Jack Chittick stands on his front lawn in Sun City, a retirement community in Roseville built by Del Webb. Instead of carpool lanes, Sun City has lanes for golf carts. Chittick, an 84-year-old retiree who was a top executive at the Pirelli Tire Company, points to the hardcore Republicans who walk past his house to the golf course across the street. “I like the cleanliness of this place,” he says, “the golf course, the big homes, the shopping areas and the good hospitals.”

He doesn’t think McClintock represents the average person in the district and wants a congressperson who can make the tax structure fair for the middle class.

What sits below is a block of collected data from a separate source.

(* Grouping the n <= N = [x] by the value m = [N/n] turns the sum into
   sum_(m <= N) Λ(m^2+1) ([N/m] - [N/(m+1)]), while N a2 is, up to N times the
   tail of the series, sum_(m <= N) Λ(m^2+1) (N/m - N/(m+1)). These weights differ
   by less than 1 and Λ(m^2+1) <= 1 + 2 ln m, so the m <= M cost O(M ln N), both
   weighted sums over M < m <= N are O((N/M) ln N) by telescoping, and the tail of
   the series is O(ln N / N) by telescoping against (4 + 2 ln m)/m. Taking
   M = [sqrt N] gives the error O(sqrt x ln x), stronger than the stated bound.
   The lower bound on a2 comes from the terms with m <= 24 and m^2+1 prime. *)

From HB Require Import structures.
From mathcomp Require Import all_boot all_order all_algebra.
From mathcomp Require Import all_classical all_reals all_analysis.
From mathcomp Require Import ring lra.
Import Order.TTheory GRing.Theory Num.Theory numFieldNormedType.Exports.
Local Open Scope ring_scope.

Section LnBounds.
Context {R : realType}.

Lemma ln_nat_ge0 (m : nat) : 0 <= ln (m%:R : R).
Proof. by case: m => [|m]; [rewrite ln0 | apply: ln_ge0; rewrite ler1n]. Qed.

Lemma subr_ln_ge (a b : R) : 0 < a -> 0 < b -> 1 - b / a <= ln a - ln b.
Proof.
move=> a_gt0 b_gt0; have ba_gt0 : 0 < b / a by rewrite divr_gt0.
have : ln (1 + (b / a - 1)) <= b / a - 1 by apply: le_ln1Dx; lra.
rewrite addrC subrK ln_div ?posrE //; lra.
Qed.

Reflecting on his life, he admits he got “carried away” with his career as a corporate manager and the values that came with it. “I had achieved everything by myself,” he once believed, “so why couldn’t everyone?” But he had a change of heart when his wife started working with the homeless, and pointed out to him that the challenges they face were enormous.

“Democrats have a 50-50 chance,” he says, handicapping the race. “Men have screwed it up a bit, let’s put some smart ladies in there,” he adds, referring to Morse and Bateson. “I’m sure they couldn’t do worse, and they could do a lot better.”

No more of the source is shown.